Simulation#
The simulator allows to observe the behavior of the system under a given policy.
The following policies are provided:
[1]:
import stochastic_matching as sm
sm.common.get_classes(sm.Simulator)
[1]:
{'fcfm': stochastic_matching.simulator.fcfm.FCFM,
'priority': stochastic_matching.simulator.priority.Priority,
'random_edge': stochastic_matching.simulator.random_edge.RandomEdge,
'random_item': stochastic_matching.simulator.random_item.RandomItem,
'e_filtering': stochastic_matching.simulator.e_filtering.EFiltering,
'constant_regret': stochastic_matching.simulator.constant_regret.ConstantRegret,
'longest': stochastic_matching.simulator.longest.Longest,
'virtual_queue': stochastic_matching.simulator.virtual_queue.VirtualQueue}
Tadpole#
Bijective#
Consider the following tadpole:
[2]:
from stochastic_matching.display import VIS_OPTIONS
VIS_OPTIONS["height"] = 300
tadpole = sm.Tadpole(m=5, n=3, rates="uniform")
tadpole.show_graph()
This tadpole is not stabilizable: it is bijective and its unique solution has null edges.
[3]:
tadpole.show_flow()
As a consequence, the system is unstable.
[4]:
tadpole.run("fcfm", n_steps=10000000)
[4]:
False
The simulator finished before the end (due to queue overflow).
[5]:
tadpole.simulator.logs.steps_done
[5]:
1067814
[6]:
tadpole.show_flow()
We can look the CCDFs of the run to see what went wrong:
[7]:
fig = tadpole.simulator.show_ccdf(sort=True)

Node 7 overflowed, while node 5 was not in a good shape either.
This can also be showed with average queue sizes:
[8]:
fig = tadpole.simulator.show_average_queues(sort=True)

Let’s change the arrival rates to have something nicer.
[9]:
tadpole.rates = [1, 1, 1, 1, 2, 2, 2, 1]
We can see that it works!
[10]:
tadpole.run("fcfm", n_steps=10000000)
[10]:
True
[11]:
tadpole.show_flow()
We can see that the queues are much more tight!
[12]:
fig = tadpole.simulator.show_average_queues(sort=True)

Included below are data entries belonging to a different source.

Definition eig_real_span n (A : 'M[R]_n) (lam : 'I_n -> C) (I : pred 'I_n)
  : set 'cV[R]_n :=
  in_span [set w | exists (i : 'I_n) (v : 'cV[C]_n),
             [/\ I i, v != 0, cplx_mx A *m v = lam i *: v
               & (w = Re_mx v \/ w = Im_mx v)]].

(* spectral assumption: A diagonalizable (over C) with eigenvalues lam 0, ...,
   lam (n-1) (with multiplicity), ordered as
   |l_1| > |l_2| >= ... >= |l_k| > 1 > |l_{k+1}| >= ... >= |l_n| *)
Definition spectral_assumption n (k : nat) (A : 'M[R]_n) (lam : 'I_n -> C) : Prop :=
  (exists V : 'M[C]_n, V \in unitmx /\
      invmx V *m cplx_mx A *m V = diag_mx (\row_i lam i)) /\
  (forall i j : 'I_n, (i < j)%N -> cmod (lam j) <= cmod (lam i)) /\
  (forall i j : 'I_n, nat_of_ord i = 0%N -> nat_of_ord j = 1%N ->
      cmod (lam j) < cmod (lam i)) /\
  (forall i : 'I_n, (i < k)%N -> 1 < cmod (lam i)) /\
  (forall i : 'I_n, (k <= i)%N -> cmod (lam i) < 1).

Definition E_u n k (A : 'M[R]_n) lam := eig_real_span A lam (fun i => (i < k)%N).
Definition E_s n k (A : 'M[R]_n) lam := eig_real_span A lam (fun i => (k <= i)%N).

Definition xi_close n m (xi : R) (U W : set 'cV[R]_n) : Prop :=
  exists (P2 Q2 : 'M[R]_(n, m)),
    [/\ orthonormal_cols P2, col_spans P2 U, orthonormal_cols Q2, col_spans Q2 W
      & 1 - xi < sigma_min (P2^T *m Q2)].

End Defs.

(* If sigma_min (P2^T Q2) > 1 - xi, the polar decomposition P2^T Q2 = U H
   rotates P2 into P2 U for which H = P2^T Q2 satisfies
   y^T H y >= (1 - xi) |y|^2.  For such aligned bases every estimate is
   elementary: |(P2 - Q2) y|^2 = 2 |y|^2 - 2 y^T H y and
   |P1^T Q2 y|^2 = |y|^2 - |H y|^2 are at most 2 xi |y|^2, the identity
   P2^T Q2 R2 = P2^T bounds R2, P1^T - R1 = P1^T Q2 R2, and the A-invariance
   of E_s gives A Q2 = Q2 N2, whence Delta = P1^T Q2 N2 + P1^T A (P2 - Q2).
   The polar decomposition comes from the real spectral theorem for S^T S,
   proved by induction on the dimension with Householder reflections. *)

From HB Require Import structures.
From mathcomp Require Import all_boot all_order all_algebra.
From mathcomp Require Import all_classical all_reals.
From mathcomp Require Import complex.
From mathcomp Require Import ring lra.
Set Implicit Arguments.
Unset Strict Implicit.
Unset Printing Implicit Defensive.
Import Order.TTheory GRing.Theory Num.Theory.
Local Open Scope ring_scope.

Section EuclideanNorm.
Variable R : realType.

Definition vdot n (u v : 'cV[R]_n) : R := (u^T *m v) 0 0.

Lemma vdotE n (u v : 'cV[R]_n) : vdot u v = \sum_i u i 0 * v i 0.
Proof. by rewrite /vdot mxE; apply: eq_bigr => i _; rewrite mxE. Qed.

Lemma vdotC n (u v : 'cV[R]_n) : vdot u v = vdot v u.
Proof. by rewrite !vdotE; apply: eq_bigr => i _; rewrite mulrC. Qed.

Lemma vdotDl n (u v w : 'cV[R]_n) : vdot (u + v) w = vdot u w + vdot v w.
Proof. by rewrite /vdot linearD /= mulmxDl mxE. Qed.

Lemma vdotZl n a (u w : 'cV[R]_n) : vdot (a *: u) w = a * vdot u w.
Proof. by rewrite /vdot linearZ /= -scalemxAl mxE. Qed.

Lemma vdotNl n (u w : 'cV[R]_n) : vdot (- u) w = - vdot u w.
Proof. by rewrite -scaleN1r vdotZl mulN1r. Qed.

Lemma vdotDr n (u v w : 'cV[R]_n) : vdot w (u + v) = vdot w u + vdot w v.
Proof. by rewrite vdotC vdotDl !(vdotC w). Qed.

Lemma vdotZr n a (u w : 'cV[R]_n) : vdot w (a *: u) = a * vdot w u.
Proof. by rewrite vdotC vdotZl vdotC. Qed.

Lemma vdotNr n (u w : 'cV[R]_n) : vdot w (- u) = - vdot w u.
Proof. by rewrite vdotC vdotNl vdotC. Qed.

Lemma vdot_mulmxl p q (B : 'M[R]_(p, q)) x y : vdot (B *m x) y = vdot x (B^T *m y).
Proof. by rewrite /vdot trmx_mul mulmxA. Qed.

Lemma vdot_ge0 n (x : 'cV[R]_n) : 0 <= vdot x x.
Proof. by rewrite vdotE; apply: sumr_ge0 => i _; rewrite -expr2 sqr_ge0. Qed.

Lemma vdot_eq0 n (x : 'cV[R]_n) : vdot x x = 0 -> x = 0.
Proof.
rewrite vdotE => /eqP; rewrite psumr_eq0 => [/allP x0|i _]; last first.
  by rewrite -expr2 sqr_ge0.
apply/matrixP => i j; rewrite ord1 mxE.
by have := x0 i (mem_index_enum _); rewrite -expr2 sqrf_eq0 => /eqP.
Qed.

Lemma vdot_gt0 n (x : 'cV[R]_n) : x != 0 -> 0 < vdot x x.
Proof.
move=> x0; rewrite lt_def vdot_ge0 andbT.
by apply: contra x0 => /eqP /vdot_eq0 ->.
Qed.

Lemma vnormE n (x : 'cV[R]_n) : vnorm x = Num.sqrt (vdot x x).
Proof. by rewrite /vnorm vdotE; congr Num.sqrt; apply: eq_bigr => i _; rewrite expr2. Qed.

Lemma vnorm_ge0 n (x : 'cV[R]_n) : 0 <= vnorm x.
Proof. by rewrite vnormE sqrtr_ge0. Qed.

Lemma vnorm_sqr n (x : 'cV[R]_n) : vnorm x ^+ 2 = vdot x x.
Proof. by rewrite vnormE sqr_sqrtr // vdot_ge0. Qed.

Lemma vnorm0 n : vnorm (0 : 'cV[R]_n) = 0.
Proof. by rewrite vnormE /vdot mulmx0 mxE sqrtr0. Qed.

Lemma vnorm_eq0 n (x : 'cV[R]_n) : vnorm x = 0 -> x = 0.
Proof. by move=> x0; apply: vdot_eq0; rewrite -vnorm_sqr x0 expr0n. Qed.

Lemma vnorm_gt0 n (x : 'cV[R]_n) : x != 0 -> 0 < vnorm x.
Proof. by move=> x_neq0; rewrite vnormE sqrtr_gt0 vdot_gt0. Qed.

Lemma vnormZ n a (x : 'cV[R]_n) : vnorm (a *: x) = `|a| * vnorm x.
Proof. by rewrite !vnormE vdotZl vdotZr mulrA -expr2 sqrtrM ?sqr_ge0 // sqrtr_sqr. Qed.

Lemma vnorm_normalize n (x : 'cV[R]_n) : x != 0 -> vnorm ((vnorm x)^-1 *: x) = 1.
Proof.
move=> x_neq0; rewrite vnormZ ger0_norm ?invr_ge0 ?vnorm_ge0 // mulVf //.
by rewrite gt_eqF // vnorm_gt0.
Qed.

Lemma vdot_CauchySchwarz n (u v : 'cV[R]_n) : vdot u v ^+ 2 <= vdot u u * vdot v v.
Proof.
have [v0|v_neq0] := eqVneq v 0.
  by rewrite v0 /vdot !mulmx0 mxE expr0n mulr0.
(* Expand |(v.v) u - (u.v) v|^2 >= 0 and divide by v.v > 0. *)
have := vdot_ge0 (vdot v v *: u - vdot u v *: v).
rewrite !(vdotDl, vdotDr, vdotNl, vdotNr, vdotZl, vdotZr) (vdotC v u) => h.
have vv := vdot_gt0 v_neq0.
have : 0 <= vdot v v * (vdot u u * vdot v v - vdot u v ^+ 2) by nra.
by rewrite pmulr_rge0 // subr_ge0.
Qed.

Lemma normr_vdot_le n (u v : 'cV[R]_n) : `|vdot u v| <= vnorm u * vnorm v.
Proof.
rewrite -sqrtr_sqr !vnormE -sqrtrM ?vdot_ge0 // ler_sqrt ?mulr_ge0 ?vdot_ge0 //.
exact: vdot_CauchySchwarz.
Qed.

Lemma vnormD n (u v : 'cV[R]_n) : vnorm (u + v) <= vnorm u + vnorm v.
Proof.
rewrite -(ger0_norm (addr_ge0 (vnorm_ge0 u) (vnorm_ge0 v))) -sqrtr_sqr.
rewrite [vnorm (u + v)]vnormE ler_sqrt ?sqr_ge0 //.
rewrite vdotDl !vdotDr (vdotC v u) sqrrD !vnorm_sqr.
have := normr_vdot_le u v; have := ler_norm (vdot u v); lra.
Qed.

Lemma vnormB n (u v : 'cV[R]_n) : vnorm (u - v) <= vnorm u + vnorm v.
Proof. by rewrite -[vnorm v]mul1r -normrN1 -vnormZ scaleN1r vnormD. Qed.

Lemma vnorm_orthonormal p q (Q : 'M[R]_(p, q)) x :
  orthonormal_cols Q -> vnorm (Q *m x) = vnorm x.
Proof. by move=> oQ; rewrite !vnormE vdot_mulmxl mulmxA oQ mul1mx. Qed.

End EuclideanNorm.

Section OperatorBound.
Variable R : realType.
Local Open Scope classical_set_scope.

Definition opbound p q (B : 'M[R]_(p, q)) (c : R) :=
  forall x, vnorm (B *m x) <= c * vnorm x.

Lemma opboundM p q r (B : 'M[R]_(p, q)) (C : 'M[R]_(q, r)) b c :
  0 <= b -> opbound B b -> opbound C c -> opbound (B *m C) (b * c).
Proof.
move=> b0 hB hC x; rewrite -mulmxA; apply: le_trans (hB _) _.
by rewrite -mulrA ler_wpM2l.
Qed.

Lemma opboundD p q (B C : 'M[R]_(p, q)) b c :
  opbound B b -> opbound C c -> opbound (B + C) (b + c).
Proof.
move=> hB hC x; rewrite mulmxDl mulrDl; apply: le_trans (vnormD _ _) _.
exact: lerD.
Qed.

Lemma opboundB p q (B C : 'M[R]_(p, q)) b c :
  opbound B b -> opbound C c -> opbound (B - C) (b + c).
Proof.
move=> hB hC x; rewrite mulmxBl mulrDl; apply: le_trans (vnormB _ _) _.
exact: lerD.
Qed.

Lemma opbound_trmx p q (B : 'M[R]_(p, q)) c :
  0 <= c -> opbound B c -> opbound B^T c.
Proof.
move=> c0 hB y; have [->|By_neq0] := eqVneq (B^T *m y) 0.
  by rewrite vnorm0 mulr_ge0 ?vnorm_ge0.
(* |B^T y|^2 = (B B^T y).y <= |B B^T y| |y| <= c |B^T y| |y| *)
have : vnorm (B^T *m y) * vnorm (B^T *m y) <= vnorm (B^T *m y) * (c * vnorm y).
  rewrite -expr2 vnorm_sqr -vdot_mulmxl vdotC.
  apply: le_trans (ler_norm _) (le_trans (normr_vdot_le _ _) _).
  by rewrite mulrC mulrA ler_wpM2r ?vnorm_ge0 // mulrC hB.
by rewrite ler_pM2l // vnorm_gt0.
Qed.

Lemma opbound_orthonormal p q (Q : 'M[R]_(p, q)) : orthonormal_cols Q -> opbound Q 1.
Proof. by move=> oQ x; rewrite vnorm_orthonormal // mul1r. Qed.

Lemma opbound_sqr p q (B : 'M[R]_(p, q)) c : 0 <= c ->
  (forall x, vdot (B *m x) (B *m x) <= c ^+ 2 * vdot x x) -> opbound B c.
Proof.
move=> c0 hB x; rewrite -ler_sqr ?nnegrE ?mulr_ge0 ?vnorm_ge0 //.
by rewrite exprMn !vnorm_sqr.
Qed.

Lemma opbound_exists p q (B : 'M[R]_(p, q)) : exists c, opbound B c.
Proof.
exists (Num.sqrt (\sum_i vdot (row i B)^T (row i B)^T)) => x.
rewrite !vnormE -sqrtrM ?sumr_ge0 // => [|i _]; last exact: vdot_ge0.
rewrite ler_sqrt ?mulr_ge0 ?vdot_ge0 ?sumr_ge0 // => [|i _]; last exact: vdot_ge0.
rewrite [X in X <= _]vdotE mulr_suml; apply: ler_sum => i _.
have -> : (B *m x) i 0 = vdot (row i B)^T x by rewrite /vdot trmxK -row_mul !mxE.
by rewrite -expr2 vdot_CauchySchwarz.
Qed.

Let unit_image p q (B : 'M[R]_(p, q)) :=
  [set vnorm (B *m x) | x in [set x : 'cV[R]_q | vnorm x = 1]].

Let opnorm_unit_image0 p q (B : 'M[R]_(p, q)) :
  ~ (exists y, unit_image B y) -> opnorm B = 0.
Proof.
move=> no_unit; rewrite /opnorm -/(unit_image B).
suff -> : unit_image B = set0 by rewrite sup0.
by apply/seteqP; split => y // By; apply: no_unit; exists y.
Qed.

Lemma opnorm_le p q (B : 'M[R]_(p, q)) c : 0 <= c -> opbound B c -> opnorm B <= c.
Proof.
move=> c0 hB; have [[y By]|/opnorm_unit_image0->//] := pselect (exists y, unit_image B y).
apply: ge_sup; first by exists y.
by move=> _ [x /= x1 <-]; apply: le_trans (hB x) _; rewrite x1 mulr1.
Qed.

Let has_ubound_unit_image p q (B : 'M[R]_(p, q)) : has_ubound (unit_image B).
Proof.
have [c hc] := opbound_exists B.
by exists c => _ [x /= x1 <-]; apply: le_trans (hc x) _; rewrite x1 mulr1.
Qed.

Lemma opbound_opnorm p q (B : 'M[R]_(p, q)) : opbound B (opnorm B).
Proof.
move=> x; have [->|x_neq0] := eqVneq x 0; first by rewrite mulmx0 !vnorm0 mulr0.
have : vnorm (B *m ((vnorm x)^-1 *: x)) <= opnorm B.
  apply: (ub_le_sup (has_ubound_unit_image B)).
  by exists ((vnorm x)^-1 *: x); rewrite //= vnorm_normalize.
rewrite -scalemxAr vnormZ ger0_norm ?invr_ge0 ?vnorm_ge0 //.
by rewrite ler_pdivrMl ?vnorm_gt0 // mulrC.
Qed.

Lemma opnorm_ge0 p q (B : 'M[R]_(p, q)) : 0 <= opnorm B.
Proof.
have [[y By]|/opnorm_unit_image0->//] := pselect (exists y, unit_image B y).
apply: le_trans (ub_le_sup (has_ubound_unit_image B) By).
by case: By => x _ <-; exact: vnorm_ge0.
Qed.

Lemma sigma_min_le p (B : 'M[R]_p) x : sigma_min B * vnorm x <= vnorm (B *m x).
Proof.
have lb : has_lbound (unit_image B) by exists 0 => _ [y _ <-]; apply: vnorm_ge0.
have [->|x_neq0] := eqVneq x 0; first by rewrite mulmx0 !vnorm0 mulr0.
have : sigma_min B <= vnorm (B *m ((vnorm x)^-1 *: x)).
  by apply: (ge_inf lb); exists ((vnorm x)^-1 *: x); rewrite //= vnorm_normalize.
rewrite -scalemxAr vnormZ ger0_norm ?invr_ge0 ?vnorm_ge0 //.
by rewrite ler_pdivlMl ?vnorm_gt0 // mulrC.
Qed.

Lemma sigma_min_orthonormal_mull p (O B : 'M[R]_p) :
  orthonormal_cols O -> sigma_min (O *m B) = sigma_min B.
Proof.
move=> oO; rewrite /sigma_min; f_equal; apply/seteqP.
by split=> _ [x x1 <-]; exists x; rewrite // -mulmxA (vnorm_orthonormal _ oO).
Qed.

End OperatorBound.

Section RealImaginaryParts.
Variable R : realType.
Notation C := (complex.complex R).

Lemma ReM (l z : C) :
  complex.Re (l * z) = complex.Re l * complex.Re z - complex.Im l * complex.Im z.
Proof. by case: z => a b; case: l. Qed.

Lemma ImM (l z : C) :
  complex.Im (l * z) = complex.Re l * complex.Im z + complex.Im l * complex.Re z.
Proof. by case: z => a b; case: l => c d /=; rewrite addrC. Qed.

Lemma Re_sum I (r : seq I) (P : pred I) (F : I -> C) :
  complex.Re (\sum_(i <- r | P i) F i) = \sum_(i <- r | P i) complex.Re (F i).
Proof. by elim/big_rec2: _ => // i x y _ <-; case: (F i); case: y. Qed.

Lemma Im_sum I (r : seq I) (P : pred I) (F : I -> C) :
  complex.Im (\sum_(i <- r | P i) F i) = \sum_(i <- r | P i) complex.Im (F i).
Proof. by elim/big_rec2: _ => // i x y _ <-; case: (F i); case: y. Qed.

Lemma Re_mx_cplxM p q (A : 'M[R]_(p, q)) (v : 'cV[C]_q) :
  Re_mx (cplx_mx A *m v) = A *m Re_mx v.
Proof.
apply/matrixP => i j; rewrite !mxE Re_sum; apply: eq_bigr => l _.
by rewrite !mxE ReM mul0r subr0.
Qed.

Lemma Im_mx_cplxM p q (A : 'M[R]_(p, q)) (v : 'cV[C]_q) :
  Im_mx (cplx_mx A *m v) = A *m Im_mx v.
Proof.
apply/matrixP => i j; rewrite !mxE Im_sum; apply: eq_bigr => l _.
by rewrite !mxE ImM mul0r addr0.
Qed.

Lemma Re_mxZ p q (l : C) (v : 'M[C]_(p, q)) :
  Re_mx (l *: v) = complex.Re l *: Re_mx v - complex.Im l *: Im_mx v.
Proof. by apply/matrixP => i j; rewrite !mxE ReM. Qed.

Lemma Im_mxZ p q (l : C) (v : 'M[C]_(p, q)) :
  Im_mx (l *: v) = complex.Im l *: Re_mx v + complex.Re l *: Im_mx v.
Proof. by apply/matrixP => i j; rewrite !mxE ImM addrC. Qed.

Lemma Re_Im_mx_neq0 p q (v : 'M[C]_(p, q)) : v != 0 -> Re_mx v != 0 \/ Im_mx v != 0.
Proof.
move=> v_neq0; have [Re0|] := eqVneq (Re_mx v) 0; last by left.
have [Im0|] := eqVneq (Im_mx v) 0; last by right.
case/eqP: v_neq0; apply/matrixP => i j.
move/matrixP: Re0 => /(_ i j); move/matrixP: Im0 => /(_ i j); rewrite !mxE.
by case: (v i j) => a b /= -> ->.
Qed.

Note that the average queue can be converted in an average waiting time (using Little’s Law for each node queue).
[13]:
fig = tadpole.simulator.show_average_queues(sort=True, as_time=True)

Nonjective#
Consider the following tadpole:
[14]:
tadpole = sm.Tadpole(rates="uniform", m=4)
It is bipartite and does not verify the stability condition NCond (even bipartite NCond), so all solution break the conservation law.
Simulation fails:
[15]:
tadpole.run("fcfm", n_steps=10000000, max_queue=100000)
[15]:
False
[16]:
tadpole.show_flow()
Nodes 0, 2, and 4 are in limbo.
[17]:
fig = tadpole.simulator.show_average_queues()

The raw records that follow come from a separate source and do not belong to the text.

Lemma AB_induced l (a : Xl Xo l -> Xl Xo l) : isLXl a ->
  induced (P l \o lam a \o P l) (ext (ext (P_gen l) \o lam_gen a) \o P_gen l).
Proof.
move=> ha; apply: induced_comp; last exact: induced_lift (P_gen_compat l).
apply: induced_comp; first exact: induced_lift (P_gen_compat l).
exact: induced_lift (lam_gen_compat ha).
Qed.

Lemma A_induced_pres l Q T :
  (forall a : Xl Xo l -> Xl Xo l, gen_pres Q (lam_gen a)) ->
  in_AF l T \/ in_AB l T -> exists g, induced T g /\ gen_pres Q g.
Proof.
move=> hQ [[a [ha ->]]|[a [ha ->]]].
- by exists (lam_gen a); split; [exact: induced_lift (lam_gen_compat ha) | exact: hQ].
- eexists; split; first exact: AB_induced ha.
  by do 2?apply: gen_pres_comp; [exact: gen_pres_P | exact: hQ | exact: gen_pres_P].
Qed.

Lemma prodops_induced_pres Q (ops : seq (X -> X)) :
  (forall T, List.In T ops -> exists g, induced T g /\ gen_pres Q g) ->
  exists g, induced (prodops ops) g /\ gen_pres Q g.
Proof.
elim: ops => [|T ops IH] hops.
  by exists (fun x => [:: x]); split; [exact: induced_id | move=> x hx; constructor].
have [gT [hT pT]] := hops T (or_introl erefl).
have [g [hg pg]] := IH (fun T' hT' => hops T' (or_intror hT')).
by exists (ext gT \o g); split; [exact: induced_comp | exact: gen_pres_comp].
Qed.

Lemma simple_prod_induced_pres l Q (S : (X -> X) -> Prop) A :
  (forall T, S T -> in_AF l T \/ in_AB l T) ->
  (forall a : Xl Xo l -> Xl Xo l, gen_pres Q (lam_gen a)) ->
  simple_prod S A -> exists g, induced A g /\ gen_pres Q g.
Proof.
move=> hS hQ [ops [_ hops ->]]; apply: prodops_induced_pres => T hT.
exact: A_induced_pres hQ (hS T (hops T hT)).
Qed.

(** * Invariant summands *)

Definition in_Xl_gen l (g : gen) : Prop :=
  if g is inr w then exists x, sval w = [:: x] /\ projT1 x = l else True.

Definition off_Xl_word l (s : seq letter) : Prop :=
  if s is [:: x] then projT1 x <> l else True.

Definition off_Xl_gen l (g : gen) : Prop :=
  if g is inr w then off_Xl_word l (sval w) else False.

Lemma mkw1_in_Xl l (x : letter) : projT1 x = l -> List.Forall (in_Xl_gen l) (mkw [:: x]).
Proof. by move=> hx; case: (mkwP [:: x]) => [->|[w [-> e]]]; do ?constructor; exists x. Qed.

Lemma lam_gen_in_Xl l (a : Xl Xo l -> Xl Xo l) : gen_pres (in_Xl_gen l) (lam_gen a).
Proof.
case=> [b|w] /=.
- by move=> _; case: (a (1, 0)) => c z /=; constructor => //; exact: mkw1_in_Xl.
- case=> x [e hx]; rewrite e; case: x e hx => l' y /= e hx; subst l'.
  by rewrite as_l_eq; case: (a (0, y)) => c z /=; constructor => //; exact: mkw1_in_Xl.
Qed.

Lemma mkw_off_Xl l s : off_Xl_word l s -> List.Forall (off_Xl_gen l) (mkw s).
Proof. by move=> h; case: (mkwP s) => [->|[w [-> e]]]; do ?constructor; rewrite /= e. Qed.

Let’s change the arrival rates to have bipartite NCond (which is not non-bipartite NCond).
[18]:
tadpole.rates = [1, 1, 1, 2, 1]
[19]:
tadpole.run("fcfm", n_steps=1000000)
[19]:
True
We can see that it works! FCFM seems to stabilizes even if NCond is not met.
[20]:
tadpole.show_flow()
[21]:
fig = tadpole.simulator.show_ccdf()

Hum, the queues are quite high. Maybe we didn’t wait long enough?
[22]:
tadpole.run("fcfm", n_steps=10000000, seed=42)
[22]:
False
[23]:
fig = tadpole.simulator.show_ccdf()

Not so stable after all… This is not surprising because of the random walk between left and right nodes, which forces queues of arbitrary size if one waits long enough.
Diamond#
Consider the following:
[24]:
diamond = sm.CycleChain(tol=1e-3)
ϵ = 0.2
diamond.rates = [2, 2 + ϵ, 1 + ϵ, 1]
Try fcfm
[25]:
diamond.run("fcfm", n_steps=10000000)
[25]:
True
[26]:
diamond.show_flow()
Nodes 0 and 3 are non-empty most of the time.
[27]:
fig = diamond.simulator.show_ccdf(sort=True)

[28]:
fig = diamond.simulator.show_average_queues(sort=True, as_time=True)

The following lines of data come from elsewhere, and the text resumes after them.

(* Let $d\ge2$ be an integer, $p^*=1-1/d$, and for integers $0\le w\le d-1$ and $p\in(0,1)$ let $$T_1(d,w,p)=\frac{d-w}{\ln\left(\frac{1}{1+p^d-p^w}\right)}.$$ Then for every integer $w$ with $0\le w\le d-1$, $T_1(d,w,p^* )\le T_1(d,d-1,p^* )$. *)

From Stdlib Require Import Reals.
Open Scope R_scope.

Definition T1 (d w : nat) (p : R) : R :=
  (INR d - INR w) / ln (1 / (1 + p ^ d - p ^ w)).

Definition pstar (d : nat) : R := 1 - 1 / INR d.

(** The value [p = 1 - 1/d] plays no role: the inequality holds for every
    [p] in (0,1).  Writing [d = w + k], the two arguments of [ln] are
    [1 - p^w (1 - p^k)] and [1 - c] with [c = p^(d-1) (1 - p)], so the claim is
    [1 - p^w (1 - p^k) <= (1 - c)^k].  Bernoulli's inequality gives
    [(1 - c)^k >= 1 - k c], and [k p^(k-1) (1 - p) <= 1 - p^k] (compare the
    geometric sum [1 + p + ... + p^(k-1)] with its smallest term) gives
    [k c <= p^w (1 - p^k)]. *)

From Stdlib Require Import Reals Lra Lia Psatz.
Open Scope R_scope.

Lemma pow_le_one (p : R) (n : nat) : 0 <= p <= 1 -> p ^ n <= 1.
Proof.
  intros Hp. rewrite <- (pow1 n). apply pow_incr. lra.
Qed.

Lemma bernoulli_sub (c : R) (k : nat) : c <= 1 -> 1 - INR k * c <= (1 - c) ^ k.
Proof.
  intros Hc. induction k as [|k IH]; [simpl; lra|].
  rewrite S_INR, <- tech_pow_Rmult.
  assert (0 <= INR k * c * c) by (rewrite Rmult_assoc; apply Rmult_le_pos; [apply pos_INR | nra]).
  nra.
Qed.

Lemma one_sub_pow_succ_ge (p : R) (m : nat) : 0 <= p <= 1 ->
  INR (S m) * p ^ m * (1 - p) <= 1 - p ^ S m.
Proof.
  intros Hp. induction m as [|m IH]; [simpl; lra|].
  assert (Hpm : 0 <= p ^ m) by (apply pow_le; lra).
  assert (Hdrop : 0 <= INR (S m) * p ^ m * (1 - p) * (1 - p))
    by (repeat apply Rmult_le_pos; try apply pos_INR; lra).
  rewrite S_INR. simpl pow in *. nra.
Qed.

Lemma one_sub_gap_le_pow (p : R) (w m : nat) : 0 <= p <= 1 ->
  1 - p ^ w * (1 - p ^ S m) <= (1 - p ^ (w + m) * (1 - p)) ^ S m.
Proof.
  intros Hp.
  set (c := p ^ (w + m) * (1 - p)).
  assert (Hc : c <= 1).
  { unfold c. assert (p ^ (w + m) <= 1) by (apply pow_le_one; lra). nra. }
  assert (Hkc : INR (S m) * c <= p ^ w * (1 - p ^ S m)).
  { unfold c. rewrite pow_add.
    replace (INR (S m) * (p ^ w * p ^ m * (1 - p)))
      with (p ^ w * (INR (S m) * p ^ m * (1 - p))) by ring.
    apply Rmult_le_compat_l; [apply pow_le; lra | apply one_sub_pow_succ_ge; lra]. }
  pose proof (bernoulli_sub c (S m) Hc). lra.
Qed.

Lemma gap_in_unit (p : R) (w k : nat) : 0 < p < 1 -> (0 < k)%nat ->
  0 < 1 - p ^ w * (1 - p ^ k) < 1.
Proof.
  intros Hp Hk.
  assert (0 < p ^ w) by (apply pow_lt; lra).
  assert (p ^ w <= 1) by (apply pow_le_one; lra).
  assert (0 < p ^ k) by (apply pow_lt; lra).
  assert (p ^ k < 1) by (apply pow_lt_1_compat; [lra | exact Hk]).
  split; nra.
Qed.

Lemma T1_add (w k : nat) (p : R) : 0 < p < 1 ->
  T1 (w + k) w p = INR k / - ln (1 - p ^ w * (1 - p ^ k)).
Proof.
  intros Hp. unfold T1.
  assert (0 <= p ^ w) by (apply pow_le; lra).
  assert (0 < p ^ k) by (apply pow_lt; lra).
  assert (p ^ w <= 1) by (apply pow_le_one; lra).
  assert (Hpos : 0 < 1 - p ^ w * (1 - p ^ k)) by nra.
  rewrite plus_INR, pow_add.
  replace (1 + p ^ w * p ^ k - p ^ w) with (1 - p ^ w * (1 - p ^ k)) by ring.
  unfold Rdiv at 2. rewrite Rmult_1_l, ln_Rinv by exact Hpos.
  f_equal. ring.
Qed.

Lemma ln_ratio_le (x z : R) (k : nat) : 0 < x < 1 -> 0 < z < 1 -> x <= z ^ k ->
  INR k / - ln x <= 1 / - ln z.
Proof.
  intros Hx Hz Hxz.
  assert (Hlx : ln x < 0) by (rewrite <- ln_1; apply ln_increasing; lra).
  assert (Hlz : ln z < 0) by (rewrite <- ln_1; apply ln_increasing; lra).
  assert (Hle : ln x <= INR k * ln z).
  { rewrite <- ln_pow by lra.
    destruct (Rle_lt_or_eq_dec _ _ Hxz) as [Hlt | ->]; [left | right].
    - apply ln_increasing; lra.
    - reflexivity. }
  apply (Rmult_le_reg_r ((- ln x) * (- ln z))); [nra|].
  field_simplify; lra.
Qed.

Lemma T1_le_T1_pred (d w : nat) (p : R) : (w < d)%nat -> 0 < p < 1 ->
  T1 d w p <= T1 d (d - 1) p.
Proof.
  intros Hwd Hp.
  remember (d - w - 1)%nat as m eqn:Hm.
  replace d with (w + S m)%nat by lia.
  replace (w + S m - 1)%nat with (w + m)%nat by lia.
  rewrite T1_add by exact Hp.
  replace (w + S m)%nat with (w + m + 1)%nat by lia.
  rewrite T1_add, INR_1, pow_1 by exact Hp.
  apply ln_ratio_le.
  - apply gap_in_unit; [exact Hp | lia].
  - pose proof (gap_in_unit p (w + m) 1 Hp ltac:(lia)) as H1.
    rewrite pow_1 in H1. exact H1.
  - apply one_sub_gap_le_pow. lra.
Qed.

Lemma pstar_in_unit (d : nat) : (2 <= d)%nat -> 0 < pstar d < 1.
Proof.
  intros Hd. unfold pstar.
  assert (HD : 2 <= INR d) by (apply (le_INR 2); exact Hd).
  assert (0 < 1 / INR d < 1).
  { split; [apply Rdiv_lt_0_compat; lra|].
    apply (Rmult_lt_reg_r (INR d)); [lra|]. field_simplify; lra. }
  lra.
Qed.

Theorem lemma8 (d w : nat) (hd : (2 <= d)%nat) (hw : (w <= d - 1)%nat) :
  T1 d w (pstar d) <= T1 d (d - 1) (pstar d).
Proof.
  apply T1_le_T1_pred; [lia | exact (pstar_in_unit d hd)].
Qed.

Try random edge (we use a seed to have a True result; in practice, random node is borderline in this example and overflows relatively often).
[29]:
diamond.run("random_edge", n_steps=10000000, seed=42)
[29]:
True
[30]:
diamond.show_flow()
[31]:
fig = diamond.simulator.show_ccdf()

[32]:
fig = diamond.simulator.show_average_queues(sort=True, as_time=True)

Try random item.
[33]:
diamond.run("random_item", n_steps=10000000)
[33]:
True
[34]:
diamond.show_flow()
[35]:
fig = diamond.simulator.show_ccdf()

[36]:
fig = diamond.simulator.show_average_queues(sort=True, as_time=True)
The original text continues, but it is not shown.